In BayesGOF: Bayesian Modeling via Frequentist Goodness-of-Fit
I. Illustration using rat tumor data (Binomial Family)
The rat tumor data consists of observations of endometrial stromal polyp incidence in $k=70$ groups of rats. For each group, $y_i$ is the number of rats with polyps and $n_i$ is the total number of rats in the experiment. Here we describe the analysis of rat tumor data using Bayes-${\rm DS}(G,m)$ modeling.
Pre-Inferential Modeling
Step 1. We begin by finding the starting parameter values for $g \sim Beta(\alpha, \beta)$ by MLE:
library(BayesGOF)
set.seed(8697)
data(rat)
###Use MLE to determine starting values
rat.start <- gMLE.bb(rat$y, rat$n)$estimate
We use our starting parameter values to run the main \texttt{DS.prior} function:
rat.ds <- DS.prior(rat, max.m = 6, rat.start, family = "Binomial")
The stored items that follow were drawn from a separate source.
Lemma well_mixed_pow_mdeg (m q : M) a :
  {in finsupp q, forall v, exists j, shiftn j v \in finsupp m} ->
  W (a * dmono k q) -> W (a * dmono k m ^+ mdeg q).
Proof.
move deg_q: (mdeg q) => d; elim: d q a deg_q => [|d IH] q a deg_q q_m.
  by rewrite (mdeg_eq0I deg_q) dmono1 expr0; apply.
have [v v_q] : exists v, v \in finsupp q.
  apply/fset0Pn; apply: contra_eqN deg_q => /eqP q0.
  by rewrite mdegE q0 big_seq_fset0.
have [j u_m] := q_m _ v_q; set u := shiftn j v in u_m.
set q' := divcm q (ucm v); set m' := divcm m (ucm u).
have deg_q' : mdeg q' = d.
  by apply/eqP; rewrite -eqSS -deg_q -(divcmUK v_q) mdegM mdegU addn1.
have q'_m : {in finsupp q', forall w, exists j, shiftn j w \in finsupp m}.
  move=> w w_q'; apply: q_m; move: w_q'; rewrite -!cmE_neq0 divcmE.
  by apply: contra => /eqP->; rewrite sub0n.
move=> Waq; rewrite exprS mulrA; apply: (IH q' _ deg_q' q'_m).
have Wau : W (a * dmono k q' * dX k u).
  apply: well_mixed_shiftn.
  by rewrite -mulrA dXE -dmonoM divcmUK //; apply: Waq.
have -> : a * dmono k m * dmono k q' = dmono k m' * (a * dmono k q' * dX k u).
  rewrite dXE -[in LHS](divcmUK u_m) dmonoM -/m'.
  move: (dmono k m') (dmono k (ucm u)) (dmono k q') => x y z.
  by ring.
exact: (idealMl idealW).
Qed.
Step 2. We display the U-function to quantify and characterize the uncertainty of the a priori selected $g$:
plot(rat.ds, plot.type = "Ufunc")
The deviations from the uniform distribution (the red dashed line) indicate that our initial selection for $g$, $\text{Beta}(\alpha = 2.3,\beta = 14.1)$, is incompatible with the observed data and requires repair; the data show that there are, in fact, two different groups of incidence in the rats.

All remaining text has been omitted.